Many People Look at Many Other Looks at Other People Who May Have Been Drinking Coffee and Thinking

The mystery of whether drinking coffee affects people’s minds is still mysterious, thanks to the results of a new, complex academic study of many old, complex academic studies:

Habitual coffee consumption and cognitive function: a Mendelian randomization meta-analysis in up to 415,530 participants,” Ang Zhou, Amy E. Taylor, Ville Karhunen, et al., Scientific Reports, epub 2018. The large team (28 co-authors) reports:

“Coffee’s long-term effect on cognitive function remains unclear with studies suggesting both benefits and adverse effects. We used Mendelian randomization to investigate the causal relationship between habitual coffee consumption and cognitive function in mid- to later life. This included up to 415,530 participants and 300,760 coffee drinkers from 10 meta-analysed European ancestry cohorts. In each cohort, composite cognitive scores that capture global cognition and memory were computed using available tests.”

The people considered to have been drinking coffee may not all have been drinking coffee.
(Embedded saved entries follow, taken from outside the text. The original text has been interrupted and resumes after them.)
(* For any $A\in\mathrm{GL}(\mathcal S)$ with $A\notin\mathrm{Inv}(\mathcal S)$, the centralizer of $A$ in $\mathrm{Inv}(\mathcal S)$ is a proper subgroup of $\mathrm{Inv}(\mathcal S)$; i.e. there exists $\varepsilon\in\mathrm{Inv}(\mathcal S)$ with $A\circ\varepsilon\neq\varepsilon\circ A$.
   Context: Work over an algebraically closed field of characteristic $\neq2$. $F(X)=\sum_{i=0}^6f_iX^i$, $f_6\neq0$, distinct roots $\theta_1,\dots,\theta_6$. $P_j(X)=\prod_{i\ne j}(X-\theta_i)$, $\omega_j=P_j(\theta_j)$. Points of $\mathbb P^5$ are identified with $P(X)=\sum_{j=0}^5p_jX^j$; $\pi_j=P(\theta_j)/\omega_j$. $\mathcal S\subset\mathbb P^5$ is defined by $\sum_j\theta_j^i\omega_j\pi_j^2=0$, $i=0,1,2$. $\varepsilon^{(i)}$ is the involution $\pi_j\mapsto(-1)^{\delta_{ij}}\pi_j$; $\mathrm{Inv}(\mathcal S)$ is the group of order 32 generated by them. The 32 lines $\varepsilon(\Delta_0)$, $\varepsilon\in\mathrm{Inv}(\mathcal S)$, with $\Delta_0=\{(p_0:p_1:0:0:0:0)\}$, are all the lines on $\mathcal S$. $\mathrm{GL}(\mathcal S)$ is the group of automorphisms of $\mathcal S$ which are restrictions of projective linear transformations of $\mathbb P^5$. *)

From HB Require Import structures.
From mathcomp Require Import all_boot all_order all_algebra.
Set Implicit Arguments. Unset Strict Implicit. Unset Printing Implicit Defensive.
Import GRing.Theory.
Local Open Scope ring_scope.

Section KummerDefs.
Variable K : fieldType.
Variable theta : 'I_6 -> K.

(* omega_j = P_j(theta_j) = prod_{i <> j} (theta_j - theta_i) *)
Definition omega (j : 'I_6) : K := \prod_(i < 6 | i != j) (theta j - theta i).

(* Points of P^5: nonzero row vectors v = (p_0,...,p_5), P(X) = sum_k p_k X^k.
   pi_j(v) = P(theta_j) / omega_j *)
Definition piC (v : 'rV[K]_6) (j : 'I_6) : K :=
  (\sum_(k < 6) v ord0 k * theta j ^+ k) / omega j.

Definition inS (v : 'rV[K]_6) : Prop :=
  v != 0 /\ forall i : 'I_3,
    \sum_(j < 6) theta j ^+ i * omega j * piC v j ^+ 2 = 0.

(* matrix of the linear change of coordinates p |-> pi  (row convention:
   (v *m piMat) 0 j = piC v j) *)
Definition piMat : 'M[K]_6 := \matrix_(k < 6, j < 6) (theta j ^+ k / omega j).

(* eps^(i) : pi_j |-> (-1)^{delta_ij} pi_j, written in p-coordinates
   (points act on the right: v |-> v *m M) *)
Definition epsMx (i : 'I_6) : 'M[K]_6 :=
  piMat *m diag_mx (\row_(j < 6) (if j == i then -1 else 1)) *m invmx piMat.

(* elements of Inv(S): the products of the generators eps^(i), i in s *)
Definition invMx (s : {set 'I_6}) : 'M[K]_6 := \prod_(i in s) epsMx i.

End KummerDefs.

Definition projEq (K : fieldType) (u v : 'rV[K]_6) : Prop :=
  exists c : K, c != 0 /\ u = c *: v.

(* A linear automorphism of the Kummer surface S that commutes with every
   element of Inv(S) lies in Inv(S); contrapositively, an A in GL(S) outside
   Inv(S) fails to commute with some sign change eps in Inv(S).

   We work in the coordinates pi_j, in which Inv(S) acts by the diagonal sign
   matrices signMx s and S is the intersection of three diagonal quadrics
   sum_j theta_j^k omega_j pi_j^2 = 0 (k < 3).  Let Mpi be the matrix of A in
   these coordinates and suppose A commutes projectively with Inv(S) on S.
   - Lagrange-type identities for the "moment" conditions
     sum_j theta_j^k omega_j y_j = 0 show that a vector satisfying three of
     them and supported on at most four indices a, b, g, h satisfies
     beta_a y_a + beta_b y_b = 0, and vanishes if supported on three indices;
     linear algebra plus square roots then provide points of S with two
     prescribed vanishing coordinates.
   - A point of S fixed by eps^(i) (i.e. with pi_i = 0) is mapped to a point
     with pi_i = 0, since a point of S cannot be a (-1)-eigenvector of eps^(i).
     Comparing a point with its image under eps^(a) kills Mpi a i (a <> i).
   - For diagonal Mpi, the relation beta_a y_a + beta_b y_b = 0 for y = x^2
     and y = (x Mpi)^2 forces Mpi_aa^2 = Mpi_bb^2, so Mpi = l * signMx s and
     A itself is in Inv(S). *)

From HB Require Import structures.
From mathcomp Require Import all_boot all_order all_algebra ring.
From Stdlib Require Import Classical.
Set Implicit Arguments. Unset Strict Implicit. Unset Printing Implicit Defensive.
Import GRing.Theory.
Local Open Scope ring_scope.

Lemma complete_pair (a b : 'I_6) : a != b -> exists c d g h : 'I_6,
  uniq [:: a; b; c; d; g; h] /\ forall j, j \in [:: a; b; c; d; g; h].
Proof.
move=> ab; set r := enum [predC [:: a; b]].
have size_r : size r = 4.
  rewrite -cardE; apply/eqP; rewrite -(eqn_add2l #|[:: a; b]|) cardC card_ord.
  by rewrite (card_uniqP _) //= inE andbT.
have uniq_r : uniq r := enum_uniq _.
have mem_r j : (j \in r) = (j \notin [:: a; b]) := mem_enum _ j.
move: r size_r uniq_r mem_r => [|c [|d [|g [|h [|]]]]] //= _ uniq_r mem_r.
exists c, d, g, h; split => [|j].
  rewrite /= uniq_r andbT -[[:: c; d; g; h]]/(c :: [:: d; g; h]).
  have := mem_r a; have := mem_r b; rewrite !inE !eqxx orbT /=.
  by move=> -> ->; rewrite orbF ab.
by have := mem_r j; rewrite !inE; case: (j == a) => //; case: (j == b).
Qed.

Section Moments.
Variable K : fieldType.
Variable theta : 'I_6 -> K.
Hypothesis theta_inj : injective theta.

Local Notation om := (omega theta).

(* Both the omega_j and the beta's below are products of differences of
   distinct roots, hence nonzero. *)
Lemma theta_sub_neq0 i j : i != j -> theta i - theta j != 0.
Proof. by rewrite subr_eq0; apply: contra => /eqP/theta_inj ->. Qed.

Lemma omega_neq0 j : om j != 0.
Proof. by apply/prodf_neq0 => i ij; rewrite theta_sub_neq0 // eq_sym. Qed.

(* y satisfies the first n moment conditions sum_j theta_j^k omega_j y_j = 0;
   a point x is on S iff y_j = x_j^2 satisfies three of them. *)
Definition moments (n : nat) (y : 'I_6 -> K) : Prop :=
  forall k, (k < n)%N -> \sum_(j < 6) theta j ^+ k * om j * y j = 0.

(* Multiplying by theta_j - theta_q trades one moment condition for a new
   vanishing coordinate (at q). *)
Lemma moments_shift n y q :
  moments n.+1 y -> moments n (fun j => (theta j - theta q) * y j).
Proof.
move=> my k kn.
have -> : \sum_(j < 6) theta j ^+ k * om j * ((theta j - theta q) * y j) =
    \sum_(j < 6) theta j ^+ k.+1 * om j * y j
  - theta q * \sum_(j < 6) theta j ^+ k * om j * y j.
  by rewrite mulr_sumr -sumrB; apply: eq_bigr => j _; rewrite exprS; ring.
by rewrite !my ?mulr0 ?subrr // ltnW.
Qed.

Definition beta (g h j : 'I_6) : K := om j * ((theta j - theta g) * (theta j - theta h)).

Lemma beta_neq0 g h j : j != g -> j != h -> beta g h j != 0.
Proof. by move=> jg jh; rewrite !mulf_neq0 ?omega_neq0 ?theta_sub_neq0. Qed.

(* A vector with three vanishing moments, supported on {a, b, g, h},
   satisfies beta_a y_a + beta_b y_b = 0 (shift twice, keep k = 0). *)
Lemma moments3_pair y a b g h : moments 3 y -> a != b ->
  (forall j, j != a -> j != b -> j != g -> j != h -> y j = 0) ->
  beta g h a * y a + beta g h b * y b = 0.
Proof.
move=> my ab supp; have := moments_shift h (moments_shift g my) (ltn0Sn 0).
rewrite (bigD1 a) // (bigD1 b) 1?eq_sym //= big1 ?addr0 => [<-|].
  by congr (_ + _); rewrite /beta; ring.
move=> j /andP[jb ja].
have [->|jg] := eqVneq j g; first by rewrite subrr !(mul0r, mulr0).
have [->|jh] := eqVneq j h; first by rewrite subrr !(mul0r, mulr0).
by rewrite supp // !mulr0.
Qed.

Lemma moments3_vanish y t p q : moments 3 y -> t != p -> t != q ->
  (forall j, j != t -> j != p -> j != q -> y j = 0) -> y t = 0.
Proof.
move=> my tp tq supp.
have := moments3_pair (g := p) (h := q) my tp (fun j jt jp _ jq => supp j jt jp jq).
rewrite {2}/beta subrr !(mul0r, mulr0) addr0 => /eqP.
by rewrite mulf_eq0 (negbTE (beta_neq0 tp tq)) => /eqP.
Qed.

Lemma moments1_single y i : moments 1 y -> (forall j, j != i -> y j = 0) -> y i = 0.
Proof.
move=> my supp; have := my 0%N isT; rewrite (bigD1 i) //= big1 ?addr0.
  by rewrite expr0 mul1r => /eqP; rewrite mulf_eq0 (negbTE (omega_neq0 i)) => /eqP.
by move=> j ji; rewrite supp ?mulr0.
Qed.

Lemma moments3_support3 y b g h : moments 3 y -> b != g -> b != h -> g != h ->
  (forall j, j != b -> j != g -> j != h -> y j = 0) -> forall j, y j = 0.
Proof.
move=> my bg bh gh supp.
have gb : g != b by rewrite eq_sym.
have hb : h != b by rewrite eq_sym.
have hg : h != g by rewrite eq_sym.
have yb : y b = 0 by apply: (moments3_vanish my bg bh) => j jb jg jh; apply: supp.
have yg : y g = 0 by apply: (moments3_vanish my gb gh) => j jg jb jh; apply: supp.
have yh : y h = 0 by apply: (moments3_vanish my hb hg) => j jh jb jg; apply: supp.
move=> j; have [->|jb] := eqVneq j b; first by [].
have [->|jg] := eqVneq j g; first by [].
by have [->|jh] := eqVneq j h; last exact: supp.
Qed.

(* Five linear conditions (three moments, two vanishing coordinates) on a
   six-dimensional space leave a nonzero solution. *)
Lemma moments3_kernel c d : exists u : 'rV[K]_6,
  [/\ u != 0, moments 3 (fun j => u ord0 j), u ord0 c = 0 & u ord0 d = 0].
Proof.
pose B : 'M[K]_(6, 5) := \matrix_(j, k)
  (if (k < 3)%N then theta j ^+ k * om j
   else if k == 3 :> nat then (j == c)%:R else (j == d)%:R).
have [i ui] : exists i, row i (kermx B) != 0.
  apply/existsP; apply: contraT; rewrite negb_exists => /forallP zero_rows.
  have : kermx B == 0.
    by apply/eqP/row_matrixP => i; rewrite row0; apply/eqP/negPn/zero_rows.
  by rewrite kermx_eq0 /row_free => /eqP rkB; have := rank_leq_col B; rewrite rkB.
set u := row i (kermx B).
have uB k : \sum_(j < 6) u ord0 j * B j k = 0.
  have : u *m B = 0 by rewrite /u -row_mul mulmx_ker row0.
  by move/(congr1 (fun A : 'M[K]_(1, 5) => A ord0 k)); rewrite !mxE.
have coord (k : 'I_5) (e : 'I_6) : (forall j, B j k = (j == e)%:R) -> u ord0 e = 0.
  move=> Bk; rewrite -(uB k) (bigD1 e) //= big1 ?Bk ?eqxx ?mulr1 ?addr0 // => j je.
  by rewrite Bk (negbTE je) mulr0.
exists u; split=> //.
- move=> k k3; rewrite -[RHS](uB (Ordinal (ltn_trans k3 (isT : (3 < 5)%N)))).
  by apply: eq_bigr => j _; rewrite [B _ _]mxE /= k3 mulrC.
- by apply: (coord (Ordinal (isT : (3 < 5)%N))) => j; rewrite mxE.
- by apply: (coord (Ordinal (isT : (4 < 5)%N))) => j; rewrite mxE.
Qed.

End Moments.

Section SignMatrices.
Variable K : fieldType.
The study explains:

“A genetic score derived using CYP1A1/2 (rs2472297) and AHR (rs6968865) was chosen as a proxy for habitual coffee consumption…. Despite the power to detect very small effects, our meta-analysis provided no evidence for causal long-term effects of habitual coffee consumption on global cognition or memory.”

Were the Coffee-Drinkers Coffee-Drinkers?

Part of the same team of researchers did an earlier study on the very question of whether many people thought to have been drinking coffee may have been drinking coffee. They concluded that yes, many people thought to have been drinking coffee may have been drinking coffee. That study is:

Phenotype refinement strengthens the association of AHR and CYP1A1 genotype with caffeine consumption,” George McMahon, Amy E. Taylor, George Davey Smith, and Marcus R. Munafo, PloS One, vol. 9, no. 7, 2014, e103448. The authors report:

“Two genetic loci, one in the cytochrome P450 1A1 (CYP1A1) and 1A2 (CYP1A2) gene region (rs2472297) and one near the aryl-hydrocarbon receptor (AHR) gene (rs6968865), have been associated with habitual caffeine consumption…. We used data from between 4,460 and 7,520 women in the Avon Longitudinal Study of Parents and Children, a longitudinal birth cohort based in the United Kingdom. Self-report data on coffee, tea and cola consumption (including consumption of decaffeinated drinks) were available at multiple time points. Both genotypes were individually associated with total caffeine consumption, and with coffee and tea consumption.”